Worth reading all the reviews.  One in particular I found interesting (the first one);

The author of the review said this (highlight mine)

"A small group of economists, known as chartalists or MMT-ers (after Modern Monetary Theory) have figured out the fiat (non gold-related) money. The author of the book is not among them, he discovered this by himself, a true genius. His book is definitely recommended, if you want to understand why some countries go bankrupt and others can run 200% debt-to-GDP ratio and manage to sell massive amounts of bonds despite offering near zero interest."

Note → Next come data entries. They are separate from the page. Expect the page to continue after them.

(* $C(X)_\mathcal{P}$ is a clean ring if and only if it is an almost clean ring.
   Context: Let $(X,\tau)$ be a $T_1$ topological space and $\mathcal{P}$ an ideal of closed subsets of $X$ (a nonempty family of closed sets closed under finite unions and under taking closed subsets). For $f\colon X\to\mathbb{R}$, $D_f$ denotes the set of points of discontinuity of $f$, and $C(X)_\mathcal{P}=\{f\colon X\to\mathbb{R} : \overline{D_f}\in\mathcal{P}\}$, a commutative ring with unity under pointwise operations. A ring is clean if every element is the sum of a unit and an idempotent, and almost clean if every element is the sum of a regular element (a non-zero-divisor) and an idempotent. *)

From HB Require Import structures.
From mathcomp Require Import all_boot all_order all_algebra.
From mathcomp Require Import all_classical all_reals all_analysis.
From mathcomp Require Import Rstruct Rstruct_topology.
From Stdlib Require Import Reals.
Set Implicit Arguments. Unset Strict Implicit. Unset Printing Implicit Defensive.
Import Order.TTheory GRing.Theory Num.Theory.
Local Open Scope classical_set_scope.
Local Open Scope ring_scope.

Definition closed_ideal {X : topologicalType} (P : set (set X)) : Prop :=
  [/\ P !=set0,
      (forall A, P A -> closed A),
      (forall A B, P A -> P B -> P (A `|` B)) &
      (forall A B, P A -> closed B -> B `<=` A -> P B)].

Definition discont {X : topologicalType} (f : X -> Rdefinitions.R) : set X :=
  [set x | ~ {for x, continuous f}].

Definition CP {X : topologicalType} (P : set (set X)) (f : X -> Rdefinitions.R) : Prop :=
  P (closure (discont f)).

Definition CP_unit {X : topologicalType} (P : set (set X)) (u : X -> Rdefinitions.R) : Prop :=
  CP P u /\ exists v, CP P v /\ forall x, u x * v x = 1.

Definition CP_idempotent {X : topologicalType} (P : set (set X)) (e : X -> Rdefinitions.R) : Prop :=
  CP P e /\ forall x, e x * e x = e x.

Definition CP_regular {X : topologicalType} (P : set (set X)) (r : X -> Rdefinitions.R) : Prop :=
  CP P r /\ forall g, CP P g -> (forall x, r x * g x = 0) -> forall x, g x = 0.

Definition CP_clean {X : topologicalType} (P : set (set X)) : Prop :=
  forall f, CP P f -> exists u e, CP_unit P u /\ CP_idempotent P e /\
    forall x, f x = u x + e x.

Definition CP_almost_clean {X : topologicalType} (P : set (set X)) : Prop :=
  forall f, CP P f -> exists r e, CP_regular P r /\ CP_idempotent P e /\
    forall x, f x = r x + e x.

From mathcomp Require Import all_boot all_order all_algebra.
From mathcomp Require Import all_classical all_reals all_analysis.
From mathcomp Require Import Rstruct Rstruct_topology.
From mathcomp Require Import ring lra.

Set Implicit Arguments.
Unset Strict Implicit.
Unset Printing Implicit Defensive.
Import Order.TTheory GRing.Theory Num.Theory numFieldNormedType.Exports.
Local Open Scope classical_set_scope.
Local Open Scope ring_scope.

(* C(X)_P is closed under sums, products, composition with continuous maps and
   inverses of nowhere-vanishing elements, because each of these operations
   only creates discontinuities where an operand is discontinuous.
   A unit is always regular, so clean implies almost clean.  Conversely, given
   f, apply almost cleanness to g := ramp o f, where ramp is 0 below 1/3 and 1
   above 2/3: g = r + e with r regular and e idempotent.  Any k with g k = 0
   then satisfies r k (1 - e) = 0, hence k (1 - e) = 0; taking for k the
   positive part of 1 - 3f shows f >= 1/3 where e = 0, and symmetrically
   f <= 2/3 where e = 1.  So f - e vanishes nowhere and f = (f - e) + e is a
   clean decomposition. *)

Local Notation RR := Rdefinitions.R.

Section ContinuousAt.
Variables (R : realFieldType) (T : topologicalType).
Implicit Types (f g : T -> R) (x : T).

Lemma continuous_at_id (x : R) : {for x, continuous (fun y : R => y)}.
Proof. exact: cvg_id. Qed.

Lemma continuous_at_cst (c : R) x : {for x, continuous (fun _ : T => c)}.
Proof. exact: cst_continuous. Qed.

Lemma continuous_at_add f g x :
  {for x, continuous f} -> {for x, continuous g} ->
  {for x, continuous (fun y => f y + g y)}.
Proof. exact: (@continuousD _ R^o). Qed.

Lemma continuous_at_opp f x : {for x, continuous f} ->
  {for x, continuous (fun y => - f y)}.
Proof. exact: (@continuousN _ R^o). Qed.

Lemma continuous_at_mul f g x :
  {for x, continuous f} -> {for x, continuous g} ->
  {for x, continuous (fun y => f y * g y)}.
Proof. exact: continuousM. Qed.

Lemma continuous_at_norm f x : {for x, continuous f} ->
  {for x, continuous (fun y => `|f y|)}.
Proof.
by move=> fx; apply: continuous_comp fx _; exact: (@norm_continuous _ R^o).
Qed.

Lemma continuous_at_inv f x : f x != 0 -> {for x, continuous f} ->
  {for x, continuous (fun y => (f y)^-1)}.
Proof. exact: continuousV. Qed.

End ContinuousAt.

Ltac solve_continuous_at :=
  repeat first [ apply: continuous_at_mul | apply: continuous_at_add
               | apply: continuous_at_opp | apply: continuous_at_norm
               | apply: continuous_at_cst | apply: continuous_at_id
               | assumption ].

(* [ramp] is 0 on [t <= 1/3] and 1 on [t >= 2/3]; [below_third] and
   [above_two_thirds] are twice the positive parts of [1 - 3t] and [3t - 2]. *)
Definition ramp (R : realFieldType) (t : R) :=
  (`|3 * t - 1| - `|3 * t - 2| + 1) / 2.
Definition below_third (R : realFieldType) (t : R) := (1 - 3 * t) + `|1 - 3 * t|.
Definition above_two_thirds (R : realFieldType) (t : R) :=
  (3 * t - 2) + `|3 * t - 2|.

Lemma continuous_ramp (R : realFieldType) (t : R) :
  {for t, continuous (@ramp R)}.
Proof. by rewrite /ramp; solve_continuous_at. Qed.

Lemma continuous_below_third (R : realFieldType) (t : R) :
  {for t, continuous (@below_third R)}.
Proof. by rewrite /below_third; solve_continuous_at. Qed.

Lemma continuous_above_two_thirds (R : realFieldType) (t : R) :
  {for t, continuous (@above_two_thirds R)}.
Proof. by rewrite /above_two_thirds; solve_continuous_at. Qed.

Lemma ramp_mul_below_third (R : realFieldType) (t : R) : ramp t * below_third t = 0.
Proof.
rewrite /ramp /below_third; have /orP[t_ge|t_le] := le_total 1 (3 * t).
  by rewrite [`|1 - 3 * t|]ler0_norm; lra.
by rewrite [`|3 * t - 1|]ler0_norm ?[`|3 * t - 2|]ler0_norm; lra.
Qed.

Lemma ramp_sub1_mul_above_two_thirds (R : realFieldType) (t : R) :
  (ramp t - 1) * above_two_thirds t = 0.
Proof.
rewrite /ramp /above_two_thirds; have /orP[t_ge|t_le] := le_total 2 (3 * t).
  by rewrite [`|3 * t - 1|]ger0_norm ?[`|3 * t - 2|]ger0_norm; lra.
by rewrite [`|3 * t - 2|]ler0_norm; lra.
Qed.

Lemma below_third_eq0 (R : realFieldType) (t : R) :
  below_third t = 0 -> 1 <= 3 * t.
Proof.
rewrite /below_third; have /orP[t_le|t_ge] := le_total 0 (1 - 3 * t).
  by rewrite ger0_norm //; lra.
by rewrite ler0_norm //; lra.
Qed.

Lemma above_two_thirds_eq0 (R : realFieldType) (t : R) :
  above_two_thirds t = 0 -> 3 * t <= 2.
Proof.
rewrite /above_two_thirds; have /orP[t_ge|t_le] := le_total 0 (3 * t - 2).
  by rewrite ger0_norm //; lra.
by rewrite ler0_norm //; lra.
Qed.

Lemma idempotent_eq0_or_eq1 (R : idomainType) (a : R) :
  a * a = a -> a = 0 \/ a = 1.
Proof.
move=> aa; have /eqP : a * (a - 1) = 0 by rewrite mulrBr mulr1 aa subrr.
by rewrite mulf_eq0 subr_eq0 => /orP[/eqP|/eqP]; [left|right].
Qed.

Section RingCP.
Variables (X : topologicalType) (P : set (set X)).
Hypothesis idealP : closed_ideal P.
Implicit Types f g h k : X -> RR.

Lemma CP_of_continuous_at f g h : CP P f -> CP P g ->
  (forall x, {for x, continuous f} -> {for x, continuous g} ->
     {for x, continuous h}) ->
  CP P h.
Proof.
case: idealP => _ _ PU PS Pf Pg hcont.
apply: (PS _ _ (PU _ _ Pf Pg)); first exact: closed_closure.
rewrite -closureU; apply: closureS => x /= hx.
have [hfx|] := pselect {for x, continuous f}; last by left.
have [hgx|] := pselect {for x, continuous g}; last by right.
by exfalso; apply/hx/hcont.
Qed.

Lemma CP_add f g : CP P f -> CP P g -> CP P (fun x => f x + g x).
Proof.
by move=> Pf Pg; apply: (CP_of_continuous_at Pf Pg) => x; exact: continuous_at_add.
Qed.

Lemma CP_mul f g : CP P f -> CP P g -> CP P (fun x => f x * g x).
Proof.
by move=> Pf Pg; apply: (CP_of_continuous_at Pf Pg) => x; exact: continuous_at_mul.
Qed.

Lemma CP_comp (phi : RR -> RR) f : continuous phi -> CP P f -> CP P (phi \o f).
Proof.
move=> phiC Pf; apply: (CP_of_continuous_at Pf Pf) => x fx _.
exact: continuous_comp fx (phiC _).
Qed.

Lemma CP_inv f : CP P f -> (forall x, f x != 0) -> CP P (fun x => (f x)^-1).
Proof.
move=> Pf f_neq0; apply: (CP_of_continuous_at Pf Pf) => x fx _.
exact: continuous_at_inv.
Qed.

Lemma CP_unit_regular u : CP_unit P u -> CP_regular P u.
Proof.
case=> Pu [v [_ uv1]]; split=> // g _ ug0 x.
by rewrite -[g x]mul1r -(uv1 x) mulrAC ug0 mul0r.
Qed.

Lemma CP_unit_nowhere0 f : CP P f -> (forall x, f x != 0) -> CP_unit P f.
Proof.
move=> Pf f_neq0; split => //.
by exists (fun x => (f x)^-1); split; [exact: CP_inv | move=> x; exact: mulfV].
Qed.

(* As e (1 - e) = 0, the regular part r of g = r + e agrees with g on [e = 0]
   and with g - 1 on [e = 1], so annihilators of g (resp. g - 1) must vanish
   there. *)
Lemma annihilator_vanishes_off_idempotent g r e k :
  CP_regular P r -> CP_idempotent P e -> (forall x, g x = r x + e x) -> CP P k ->
  (forall x, g x * k x = 0) -> forall x, k x * (1 - e x) = 0.
Proof.
move=> r_reg [Pe ee] g_split Pk gk.
apply: (r_reg.2 (fun x => k x * (1 - e x))).
  apply: CP_mul => //; apply: (CP_comp (phi := fun t => 1 - t)) Pe => t.
  solve_continuous_at.
move=> x; have gk_x := gk x; rewrite g_split in gk_x.
have -> : r x * (k x * (1 - e x)) =
          (r x + e x) * k x * (1 - e x) + k x * (e x * e x - e x) by ring.
by rewrite gk_x ee subrr !mul0r mulr0 addr0.
Qed.

Lemma annihilator_vanishes_on_idempotent g r e k :
  CP_regular P r -> CP_idempotent P e -> (forall x, g x = r x + e x) -> CP P k ->
  (forall x, (g x - 1) * k x = 0) -> forall x, k x * e x = 0.
Proof.
move=> r_reg [Pe ee] g_split Pk gk.
apply: (r_reg.2 (fun x => k x * e x)); first exact: CP_mul.
move=> x; have gk_x := gk x; rewrite g_split in gk_x.
have -> : r x * (k x * e x) =
          (r x + e x - 1) * k x * e x - k x * (e x * e x - e x) by ring.
by rewrite gk_x ee subrr !mul0r mulr0 subr0.
Qed.

Lemma almost_clean_sub_idempotent_nowhere0 f : CP_almost_clean P -> CP P f ->
  exists e, CP_idempotent P e /\ forall x, f x - e x != 0.
Proof.
move=> acP Pf.
have [r [e [r_reg [e_idem g_split]]]] := acP _ (CP_comp (@continuous_ramp RR) Pf).
have f_ge := annihilator_vanishes_off_idempotent r_reg e_idem g_split
  (CP_comp (@continuous_below_third RR) Pf)
  (fun x => ramp_mul_below_third (f x)).
have f_le := annihilator_vanishes_on_idempotent r_reg e_idem g_split
  (CP_comp (@continuous_above_two_thirds RR) Pf)
  (fun x => ramp_sub1_mul_above_two_thirds (f x)).
exists e; split=> // x; apply/eqP.
have [ex0|ex1] := idempotent_eq0_or_eq1 (e_idem.2 x).
  have /below_third_eq0 : below_third (f x) = 0.
    by have := f_ge x; rewrite /= ex0 subr0 mulr1.
  by rewrite ex0; lra.
have /above_two_thirds_eq0 : above_two_thirds (f x) = 0.
  by have := f_le x; rewrite /= ex1 mulr1.
by rewrite ex1; lra.
Qed.

End RingCP.

Theorem theorem3p12 (X : topologicalType) (P : set (set X)) :
  accessible_space X -> closed_ideal P ->
  (CP_clean P <-> CP_almost_clean P).
Proof.
move=> _ idealP; split=> [cleanP f Pf | acP f Pf].
  have [u [e [u_unit [e_idem f_split]]]] := cleanP f Pf.
  by exists u, e; split=> //; exact: CP_unit_regular.
have [e [e_idem fe_neq0]] := almost_clean_sub_idempotent_nowhere0 idealP acP Pf.
exists (fun x => f x - e x), e; split; last by split=> // x; rewrite subrK.
apply: CP_unit_nowhere0 => //; apply: CP_add => //.
by apply: (CP_comp idealP (phi := fun t => - t)) e_idem.1 => t; solve_continuous_at.
Qed.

I think the obvious reference here is Japan… and Chris has discussed this much recently since Japan is mathematically closest to their (fiat) endgame… they are in the tightest box when it comes to remaining degrees of freedom to sustain any increases in borrowing costs.  I find it interesting that the MMT’ers attribute Japan’s success thus far to something they are doing right… while I think Chris’ observation that the carry trade, which created significant demand for Yen via international borrowing, is the thing that sustained the strength of the Yen over the previous years.  The Yen is now weakening as the carry trade unwinds, as Chris has pointed out.  For a (manufacturing) nation that imports almost all of it’s resources, a weak Yen will bring about the endgame very quickly… ability to print more "free" Yen notwithstanding.  We will see how well Japan’s exercise of it’s monetary sovereignty plays out… though I am sure Rodger and the other MMT’ers will explain to us that Japan just didn’t do it "right".     

[quote=Jim H]Maybe Rodger can tell us how all of these Government issuers you reference got it wrong…
[/quote]Jim, you can go inside that book at Amazon and scroll to page 207.  Sounds like Rodger did well turning compnaies around, but like his old boss used to tell him, we can also say to him: "Rodger, You’re wrong."
So now Rodger, please tell me if you are that 49% of the upper middle with your hand in the Free $hit’s Army’s cookie jar.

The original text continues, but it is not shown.